Indeed, no sooner does a badly outnumbered Leiko Wu realise that her desperately needed reinforcements are actually the handful of armed MI-5 survivors already protecting her flanks, than “flashback artist” Philip Tan steps in with his prodigious pencilling to whisk the audience off to an infinitely less exciting spiritual world where Shang-Chi can ultimately show his little sister both the abject loneliness of the late evil sorcerer Zheng Zu, and the resultant futility of her all-conquering mission’s misguided motivation; “He will always be our father. But look at him, Shi-Hua! Not with a child’s eyes, but with your eyes now! See him as he actually was! A damaged old man, twisted by fear. And hate.”
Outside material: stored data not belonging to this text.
Lemma diff_sum_eval phi f r ps : in_dual X phi -> (forall n, X (f n)) ->
  phi (diff_sum f r ps) = lsum (fun p => phi (f r) - phi (f p)) ps.
Proof.
  intros hphi hf. induction ps as [|p ps IH].
  - exact (dual_zero X hX phi hphi).
  - change (phi (fun g => (f r g - f p g) + diff_sum f r ps g) =
            (phi (f r) - phi (f p)) + lsum (fun p => phi (f r) - phi (f p)) ps).
    rewrite (dual_add X phi hphi (fun g => f r g - f p g)), (dual_sub X phi hphi)
      by (try apply (X_sub X hX); auto using diff_sum_in_X).
    now rewrite IH.
Qed.

Definition almost_norming (u : (G -> R) -> R) (C : list ((G -> R) -> R)) eps (h : G -> R) :=
  X h /\ supnorm h <= 1 + eps /\ (forall b, In b C -> Rabs (b h) <= eps) /\
  dnorm X u - eps <= u h.

Lemma average_almost_norming (u : (G -> R) -> R) C f q ps d :
  in_dual X u -> (forall b, In b C -> in_dual X b) -> (forall n, X (f n)) ->
  0 < INR (length ps) -> / INR (length ps) < d ->
  (forall g, Rabs (diff_sum f q ps g) <= INR (length ps) * (1 + d) + 1) ->
  (forall b, In b C -> forall p, In p ps -> Rabs (b (f q) - b (f p)) <= d) ->
  (forall p, In p ps -> Rabs (u (f p)) <= d) ->
  dnorm X u - d <= u (f q) ->
  almost_norming u C (2 * d) (fun g => / INR (length ps) * diff_sum f q ps g).
Proof.
  intros hu hC hfX hK hinv hsum hstab hsmall hnorming.
  assert (hd : 0 < d) by (pose proof (Rinv_0_lt_compat _ hK); lra).
  repeat split.
  - apply X_scale, diff_sum_in_X; auto.
  - apply supnorm_le; [|lra]. intros g.
    rewrite Rabs_mult, Rabs_inv, (Rabs_pos_eq (INR _)) by lra.
    specialize (hsum g).
    apply Rmult_le_reg_l with (INR (length ps)); auto.
    rewrite <- Rmult_assoc, Rinv_r by lra.
    assert (hKd : 1 < INR (length ps) * d).
    { replace 1 with (INR (length ps) * / INR (length ps)) by (field; lra).
      apply Rmult_lt_compat_l; auto. }
    lra.
  - intros b hb.
    rewrite (dual_scale X hX b (hC b hb)), diff_sum_eval by auto using diff_sum_in_X.
    apply Rle_trans with d; [|lra].
    apply average_abs_le; auto.
  - rewrite (dual_scale X hX u hu), diff_sum_eval by auto using diff_sum_in_X.
    apply average_ge; auto. intros p hp.
    pose proof (hsmall p hp) as hp'. apply Rabs_le_iff in hp'. lra.
Qed.

(* Choose norming vectors [f n],
   make the [C]-values of [f r] stable along an infinite subset, run the
   gliding hump there, and average at an index [q] so large that [u q] is
   small on the finitely many chosen [f p]. *)
Lemma almost_norming_in_infinite_set (u : nat -> (G -> R) -> R) C eps S :
  (forall n, in_dual X (u n)) -> (forall f, X f -> Un_cv (fun n => u n f) 0) ->
  (forall b, In b C -> in_dual X b) -> 0 < eps -> infinitely S ->
  exists q, S q /\ exists h, almost_norming (u q) C eps h.
Proof.
  intros hu hnull hC he hS.
  set (d := eps / 2). assert (hd : 0 < d) by (unfold d; lra).
  destruct (choice (fun n f => X f /\ supnorm f <= 1 /\ dnorm X (u n) - d <= u n f))
    as [f hf]; [intros n; now apply dnorm_approx|].
  assert (hfX : forall n, X (f n)) by apply hf.
  assert (hf1 : forall n g, Rabs (f n g) <= 1).
  { intros n g. pose proof (supnorm_ge_coord (f n) g (X_bounded X hX _ (hfX n))).
    pose proof (hf n). lra. }
  destruct (refine_oscillation_list C (fun b r => b (f r)) d hd S hS)
    as [T0 [hT0 [hT0S hT0C]]].
  { intros b hb. destruct (dual_bounded X b (hC b hb)) as [Cb [hCb0 hCb]].
    exists Cb. intros r _. specialize (hCb (f r) (hfX r)).
    pose proof (hf r). pose proof (supnorm_nonneg (f r)). nra. }
  destruct (INR_archimed d 1 hd) as [K hK].
  assert (hK0 : 0 < INR K).
  { destruct K; [simpl in hK; lra|]. apply lt_0_INR; lia. }
  destruct (hump_construction f (fun n => proj1 hX (f n) (hfX n)) hf1 d hd T0 hT0 K)
    as [ps [T [hlen [hT [hps [hTT0 [_ [_ hsum]]]]]]]].
  subst K.
  destruct (eventually_small_on_list (fun p q => u q (f p)) ps d hd) as [M hM].
  { intros p. apply hnull; auto. }
  destruct (hT M) as [q [hqM Tq]].
  exists q. split; [now apply hT0S, hTT0|].
  replace eps with (2 * d) by (unfold d; field).
  exists (fun g => / INR (length ps) * diff_sum f q ps g).
  apply average_almost_norming; auto.
  - apply Rmult_lt_reg_l with (INR (length ps)); auto. rewrite Rinv_r; lra.
  - apply hf.
Qed.

Lemma almost_norming_eventually (u : nat -> (G -> R) -> R) C eps :
  (forall n, in_dual X (u n)) -> (forall f, X f -> Un_cv (fun n => u n f) 0) ->
  (forall b, In b C -> in_dual X b) -> 0 < eps ->
  exists N, forall n, (N <= n)%nat -> exists h, almost_norming (u n) C eps h.
Proof.
  intros hu hnull hC he.
  apply NNPP. intros hnot.
  destruct (almost_norming_in_infinite_set u C eps
              (fun n => ~ exists h, almost_norming (u n) C eps h) hu hnull hC he)
    as [q [hq hgood]]; [|contradiction].
  intros N. apply NNPP. intros hfin. apply hnot. exists N. intros n hn.
  apply NNPP. intros hbad. apply hfin. exists n; auto.
Qed.

End Hump.

(* Finite codimension: a vector [h] on which the functionals of [B] are small
   is close to their common kernel in [X].  This is the quantitative form of
   "a finite-codimensional subspace is complemented". *)
Section Correction.
Context {G : Type}.
Variable X : (G -> R) -> Prop.
Hypothesis hX : closed_subspace_c0 X.

Definition corrects (B : list ((G -> R) -> R)) (K : R) : Prop :=
  forall e h, X h -> (forall b, In b B -> Rabs (b h) <= e) ->
  exists h', X h' /\ (forall b, In b B -> b h' = 0) /\ supnorm (fun g => h g - h' g) <= K * e.

Lemma corrects_nil : corrects nil 0.
Proof.
  intros e h hh _. exists h. repeat split; auto; [intros b []|].
  rewrite Rmult_0_l. apply supnorm_le; [|lra]. intros g.
  rewrite Rminus_diag, Rabs_R0. lra.
Qed.

Lemma corrects_cons_vanishing b B K :
  (forall v, X v -> (forall b', In b' B -> b' v = 0) -> b v = 0) ->
  corrects B K -> corrects (b :: B) K.
Proof.
  intros hvan hcorr e h hh hsmall.
  destruct (hcorr e h hh (fun b' hb' => hsmall b' (or_intror hb'))) as [h1 [hh1 [hh1B hs1]]].
  exists h1. repeat split; auto. intros b' [<-|hb']; auto.
Qed.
Sadly, such a lack-lustre conclusion really does strike as a major anti-climax considering the potential of this publication’s pulse-pounding opening, and arguably even gets progressively worse following the utterly unconvincing revelation that the magical Jiangshi are somehow being controlled by implanted micro-chips rather than through the mystical means of them wanting to right an “unavenged grievance”. In addition, this five-part mini-series’ dissatisfying finale doesn’t even allow its two central characters to properly square-off against one another. Sure, an angry Sister Hammer eventually decides to swing her formidable hand-weapon at her brother when she realises he is “trying to empty my life of purpose”. Yet even this one-off assault is easily avoided by the Master of Kung Fu, who promptly then disarms his opponent without throwing a single punch in retaliation and impotently watches her flee into the River Thames.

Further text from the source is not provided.